• [Assignment]
Which lines of the listing hold the string "Fixpoint"? Show each of them.

++++++++

(* Let $G$ be a finite connected multigraph without self-loops with a boundary vertex $\partial$, where both orientations of each edge $e$ carry the same nonnegative weight $U_e$, and the collection of weights of the unoriented edges $(U_e)_{e\in E}$ is generic. Perform the CLEB walk from a vertex $x\neq\partial$, and let $S_t$ be the set of oriented edges exposed by it up to step $t$. Let $\tau_1=1$ and, inductively for $k\ge2$, let $\tau_k$ be the smallest $t>\tau_{k-1}$ such that the oriented edge revealed by the CLEB walk at step $t$ has a reversal that was not exposed before step $t$. Let $\bar S_{\tau_k}$ be the set of unoriented edges one of whose orientations lies in $S_{\tau_k}$. Let $(T_k)_{k\ge1}$ be the invasion percolation process started at $x$. Then $\bar S_{\tau_k}=T_k$ for every $k$ for which $\tau_k$ is defined.
   Context: Weights $(W_x)_{x\in N}$ are generic if $\sum_{x\in S}n_xW_x\neq0$ for every finite $S$ and integers $n_x$ not all zero. Invasion percolation started at $x$: $T_1$ is the edge of smallest weight incident to $x$; given the tree $T_k$, $T_{k+1}$ is $T_k$ together with the edge of smallest weight among edges with exactly one endpoint in (the vertex set of) $T_k$. Contraction of an oriented cycle $C$: remove the vertices of $C$ and all oriented edges with both endpoints in $C$, add a new vertex $v_C$, and replace each oriented edge with exactly one endpoint in $C$ by the edge with that endpoint replaced by $v_C$; edges of contracted graphs are identified with edges of $G$. CLEB walk from $x$: set $G_0=G$, $U_0$ the given weights of oriented edges, $S_0=\emptyset$, $P_0$ the empty path at $x$, current vertex $v_1=x$. At step $j\ge1$, subtract $\pi=\min$ of the current weights over the outgoing edges of $v_j$ in $G_{j-1}$ from the weights of all those outgoing edges, and let $\vec e$ be the unique outgoing edge of $v_j$ now of weight $0$; $S_j=S_{j-1}\cup\{\vec e\}$ ($\vec e$ is said to be revealed/exposed at step $j$). If $\vec e_+$ is not on the path $P_{j-1}$: $G_j=G_{j-1}$, $P_j=P_{j-1}$ extended by $\vec e$, $v_{j+1}=\vec e_+$, and stop if $\vec e_+=\partial$. If $\vec e_+$ is a vertex $y$ of $P_{j-1}$: contract the cycle formed by the part of $P_{j-1}$ from $y$ to $v_j$ together with $\vec e$ to obtain $G_j$ (with the current modified weights), let $P_j$ be $P_{j-1}$ truncated at $y$ (now ending at the new vertex $v_C$), and $v_{j+1}=v_C$. *)

From mathcomp Require Import all_boot all_order all_algebra.
Set Implicit Arguments. Unset Strict Implicit. Unset Printing Implicit Defensive.
Import Order.TTheory GRing.Theory Num.Theory.
Local Open Scope ring_scope.

Section Graph.
Variables (V E : finType) (ends : E -> V * V).

Definition oedge := (E * bool)%type.
Definition otail (a : oedge) : V := if a.2 then (ends a.1).1 else (ends a.1).2.
Definition ohead (a : oedge) : V := if a.2 then (ends a.1).2 else (ends a.1).1.
Definition orev (a : oedge) : oedge := (a.1, ~~ a.2).

Definition no_self_loops := forall e, (ends e).1 != (ends e).2.
Definition adjacent : rel V :=
  fun u v => [exists e, (ends e == (u, v)) || (ends e == (v, u))].
Definition connected_graph := forall u v, connect adjacent u v.
End Graph.

(* Genericity: no nontrivial integer combination of the weights vanishes
   (E is finite, so finite subsets S with coefficients n_x amount to
   integer vectors indexed by E). *)
Definition generic (R : nzRingType) (E : finType) (U : E -> R) :=
  forall n : {ffun E -> int}, n != 0 -> \sum_(e : E) U e *~ n e != 0.

(* Invasion percolation started at x. invasion 0 = empty tree (vertex set
   {x}); invasion k = T_k for k >= 1 (None if undefined). *)
Section Invasion.
Variables (R : realFieldType) (V E : finType) (ends : E -> V * V)
  (U : E -> R) (x : V).

Definition ip_vertices (T : {set E}) : {set V} :=
  x |: \bigcup_(e in T) [set (ends e).1; (ends e).2].
Definition ip_boundary (T : {set E}) : {set E} :=
  [set e | ((ends e).1 \in ip_vertices T) != ((ends e).2 \in ip_vertices T)].
Definition ip_next (T : {set E}) : option E :=
  [pick e in ip_boundary T | [forall f in ip_boundary T, U e <= U f]].
Fixpoint invasion (k : nat) : option {set E} :=
  match k with
  | 0 => Some set0
  | k'.+1 => obind (fun T => omap (fun e => e |: T) (ip_next T)) (invasion k')
  end.
End Invasion.

(* A vertex of a contracted graph G_j is represented by the
   block of original vertices contracted into it; the vertices of G_j form
   the partition cs_blocks of V, and the oriented edges of G_j are exactly
   the oriented edges of G whose endpoints lie in different blocks. *)
Section CLEB.
Variables (R : realFieldType) (V E : finType) (ends : E -> V * V)
  (U : E -> R) (bd x : V).

Record cleb_state := ClebState {
  cs_blocks : {set {set V}};
  cs_w : oedge E -> R;
  cs_path : seq {set V};          (* vertices of the path P_j (last = current vertex) *)
  cs_stopped : bool }.

Definition cleb_init : cleb_state :=
  ClebState [set [set v] | v : V] (fun a => U a.1) [:: [set x]] false.

Definition cleb_step (s : cleb_state) : option (oedge E * cleb_state) :=
  if cs_stopped s then None else
  let B := last set0 (cs_path s) in
  let out := [set a : oedge E | (otail ends a \in B) && (ohead ends a \notin B)] in
  match [pick a in out | [forall b in out, cs_w s a <= cs_w s b]] with
  | None => None
  | Some a0 =>
    let pi := cs_w s a0 in
    let w' := fun a => if a \in out then cs_w s a - pi else cs_w s a in
    match [pick a in out | w' a == 0] with
    | None => None
    | Some e =>
      let H := pblock (cs_blocks s) (ohead ends e) in
      if H \in cs_path s then
        let i := index H (cs_path s) in
        let C := drop i (cs_path s) in
        let vC := \bigcup_(b <- C) b in
        Some (e, ClebState ((cs_blocks s :\: [set b in C]) :|: [set vC]) w'
                   (rcons (take i (cs_path s)) vC) false)
      else Some (e, ClebState (cs_blocks s) w' (rcons (cs_path s) H) (bd \in H))
    end
  end.

Fixpoint cleb_run (n : nat) : option cleb_state :=
  match n with
  | 0 => Some cleb_init
  | n'.+1 => obind (fun s => omap snd (cleb_step s)) (cleb_run n')
  end.

Definition revealed (j : nat) : option (oedge E) :=
  match j with
  | 0 => None
  | j'.+1 => obind (fun s => omap fst (cleb_step s)) (cleb_run j')
  end.

Definition exposed (t : nat) : {set oedge E} :=
  [set a | has (fun j => revealed j == Some a) (iota 1 t)].

Definition Sbar (t : nat) : {set E} :=
  [set e | ((e, true) \in exposed t) || ((e, false) \in exposed t)].

Definition is_new (t : nat) : bool :=
  if revealed t is Some a then orev a \notin exposed t.-1 else false.

Definition tau_time (t : nat) : bool := (t == 1%N) || ((1 < t)%N && is_new t).

Definition tau_at (k t : nat) : bool :=
  tau_time t && (count tau_time (iota 1 t) == k).
End CLEB.

(* With symmetric generic weights the CLEB walk only ever contracts 2-cycles.
   Its path P_0 ... P_m consists of disjoint blocks covering the vertex set W of
   the invaded tree, each path edge e_j is a U-minimal exit of P_j, U decreases
   along the path, and the current weights of the exits of P_j are U - U(e_j).
   So the next revealed edge a is a U-minimal exit of P_m.  If a leaves W, it is
   the minimal boundary edge of W (each boundary edge exits some P_j, and
   U(a) <= U(e_j)), i.e. the next invaded edge, and its reversal is unexposed.
   Otherwise, comparing U(a) with the exits of the block containing its head
   forces a to be the reversal of e_(m-1): the walk contracts P_(m-1) P_m and
   exposes no new unoriented edge. *)

From Pilot Require Import Defs.
From mathcomp Require Import all_boot all_order all_algebra.
Set Implicit Arguments. Unset Strict Implicit. Unset Printing Implicit Defensive.
Import Order.TTheory GRing.Theory Num.Theory.

Lemma rcons_take_last (T : Type) (x0 : T) s n :
  size s = n.+1 -> s = rcons (take n s) (nth x0 s n).
Proof. by move=> sz; rewrite -take_nth ?sz // take_oversize ?sz. Qed.

Lemma iota1S t : iota 1 t.+1 = rcons (iota 1 t) t.+1.
Proof. by rewrite -cats1 -[t.+1 in LHS]addn1 iotaD add1n. Qed.

Section PathCover.
Variable V : finType.
Implicit Types (P Q : seq {set V}) (A B C : {set V}) (v : V).

Definition path_cover P : {set V} := \bigcup_(B <- P) B.

Lemma path_coverP P v : reflect (exists2 B, B \in P & v \in B) (v \in path_cover P).
Proof. by rewrite /path_cover bigcup_seq; apply: bigcupP. Qed.

Lemma mem_path_cover P B v : B \in P -> v \in B -> v \in path_cover P.
Proof. by move=> PB Bv; apply/path_coverP; exists B. Qed.

Lemma path_cover_rcons P B : path_cover (rcons P B) = path_cover P :|: B.
Proof. by rewrite /path_cover -cats1 big_cat big_seq1. Qed.

Lemma path_cover_pair B1 B2 : path_cover [:: B1; B2] = B1 :|: B2.
Proof. by rewrite /path_cover !big_cons big_nil setU0. Qed.

Lemma path_cover_merge Q B1 B2 :
  path_cover (rcons Q (path_cover [:: B1; B2])) = path_cover (rcons (rcons Q B1) B2).
Proof. by rewrite !path_cover_rcons path_cover_pair setUA. Qed.

Lemma disjoint_setUl A B C : [disjoint A :|: B & C] = [disjoint A & C] && [disjoint B & C].
Proof. by rewrite -!setI_eq0 setIUl setU_eq0. Qed.

Lemma disjoint_path_cover P B :
  [disjoint path_cover P & B] = all (fun A => [disjoint A & B]) P.
Proof.
rewrite /path_cover; elim: P => [|A P IHP]; last by rewrite big_cons disjoint_setUl IHP.
by rewrite big_nil; apply/pred0P => v; rewrite !inE.
Qed.

Definition disjoint_blocks P :=
  pairwise (fun A B : {set V} => [disjoint A & B]) P && (set0 \notin P).

Lemma disjoint_blocks_rcons P B :
  disjoint_blocks (rcons P B) =
  [&& disjoint_blocks P, B != set0 & [disjoint path_cover P & B]].
Proof.
rewrite /disjoint_blocks pairwise_rcons mem_rcons in_cons disjoint_path_cover.
rewrite negb_or eq_sym.
by case: (all _ P); case: pairwise; case: (B == set0); case: (set0 \in P).
Qed.

Lemma disjoint_blocks_nth_inj P i j v :
  disjoint_blocks P -> i < size P -> j < size P ->
  v \in nth set0 P i -> v \in nth set0 P j -> i = j.
Proof.
case/andP=> /(pairwiseP set0) dP _ ltiP ltjP vi vj.
have not_lt k l : k < size P -> l < size P ->
    v \in nth set0 P k -> v \in nth set0 P l -> ~~ (k < l).
  by move=> ltk ltl vk vl; apply/negP => /(dP k l ltk ltl)/disjointFl/(_ vl); rewrite vk.
by apply/eqP; rewrite eqn_leq [i <= j]leqNgt [j <= i]leqNgt (not_lt i j) ?(not_lt j i).
Qed.

Lemma disjoint_blocks_mem_inj P B B' v :
  disjoint_blocks P -> B \in P -> B' \in P -> v \in B -> v \in B' -> B = B'.
Proof.
move=> dP /(nthP set0)[i ltiP <-] /(nthP set0)[j ltjP <-] vi vj.
by rewrite (disjoint_blocks_nth_inj dP ltiP ltjP vi vj).
Qed.

Lemma disjoint_blocks_uniq P : disjoint_blocks P -> uniq P.
Proof.
elim: P => //= A P IHP /andP[/andP[dA dP]]; rewrite in_cons negb_or => /andP[A0 P0].
have uP : uniq P by apply: IHP; apply/andP.
rewrite uP andbT; apply: contra A0 => PA.
by have /allP/(_ A PA) := dA; rewrite -setI_eq0 setIid eq_sym.
Qed.

Lemma pblock_unique (bl : {set {set V}}) B v :
  B \in bl -> v \in B -> {in bl, forall B', v \in B' -> B' = B} -> pblock bl v = B.
Proof.
move=> blB Bv uB; rewrite /pblock; case: pickP => [B' /andP[/uB]|/(_ B)] //=.
by rewrite blB Bv.
Qed.
End PathCover.

Section OrientedEdges.
Variables (V E : finType) (ends : E -> V * V).
Local Notation otail := (otail ends).
Local Notation ohead := (Defs.ohead ends).
Implicit Types (a b : oedge E) (B W : {set V}).

Definition exits B : {set oedge E} := [set a | (otail a \in B) && (ohead a \notin B)].

Lemma otail_rev a : otail (orev a) = ohead a.
Proof. by case: a => e []. Qed.

Lemma ohead_rev a : ohead (orev a) = otail a.
Proof. by case: a => e []. Qed.

Lemma orevK : involutive (@orev E).
Proof. by case=> e b; rewrite /orev negbK. Qed.

Lemma exits_rev a B : (orev a \in exits B) = (ohead a \in B) && (otail a \notin B).
Proof. by rewrite inE otail_rev ohead_rev. Qed.

Lemma oedge_same_edge a b : a.1 = b.1 -> a = b \/ a = orev b.
Proof. by case: a b => e [] [f []] /= ->; [left | right | right | left]. Qed.

Lemma ends_oedge a : [set (ends a.1).1; (ends a.1).2] = [set otail a; ohead a].
Proof. by case: a => e [] //=; rewrite setUC. Qed.

Lemma crossingP f W :
  reflect (exists d : bool, (f, d) \in exits W) (((ends f).1 \in W) != ((ends f).2 \in W)).
Proof.
rewrite /otail /Defs.ohead.
case h1: ((ends f).1 \in W); case h2: ((ends f).2 \in W) => /=; constructor.
- by case=> -[]; rewrite inE /= h1 h2.
- by exists true; rewrite inE /= h1 h2.
- by exists false; rewrite inE /= h1 h2.
- by case=> -[]; rewrite inE /= h1 h2.
Qed.
End OrientedEdges.

Lemma generic_inj (R : nzRingType) (E : finType) (U : E -> R) : generic U -> injective U.
Proof.
move=> gU e f Uef; apply/eqP; apply: contraT => nef.
pose n : {ffun E -> int} := [ffun g => ((g == e)%:Z - (g == f)%:Z)%R].
have n0 : n != 0%R.
  apply/eqP => /ffunP /(_ e); rewrite !ffunE eqxx (negbTE nef) /=.
  by move/eqP; rewrite oner_eq0.
have sum1 h : (\sum_i U i *~ (i == h)%:Z = U h)%R.
  rewrite (bigD1 h) //= eqxx mulr1z big1 ?addr0 // => g /negbTE ->.
  by rewrite mulr0z.
have : (\sum_g U g *~ n g = U e - U f)%R.
  under eq_bigr => g _ do rewrite ffunE mulrzBr.
  by rewrite sumrB !sum1.
by rewrite Uef subrr => /eqP; rewrite (negbTE (gU n n0)).
Qed.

++++++++

• [Response for this exercise]
Fixpoint invasion (k : nat) : option {set E} :=
Fixpoint cleb_run (n : nat) : option cleb_state :=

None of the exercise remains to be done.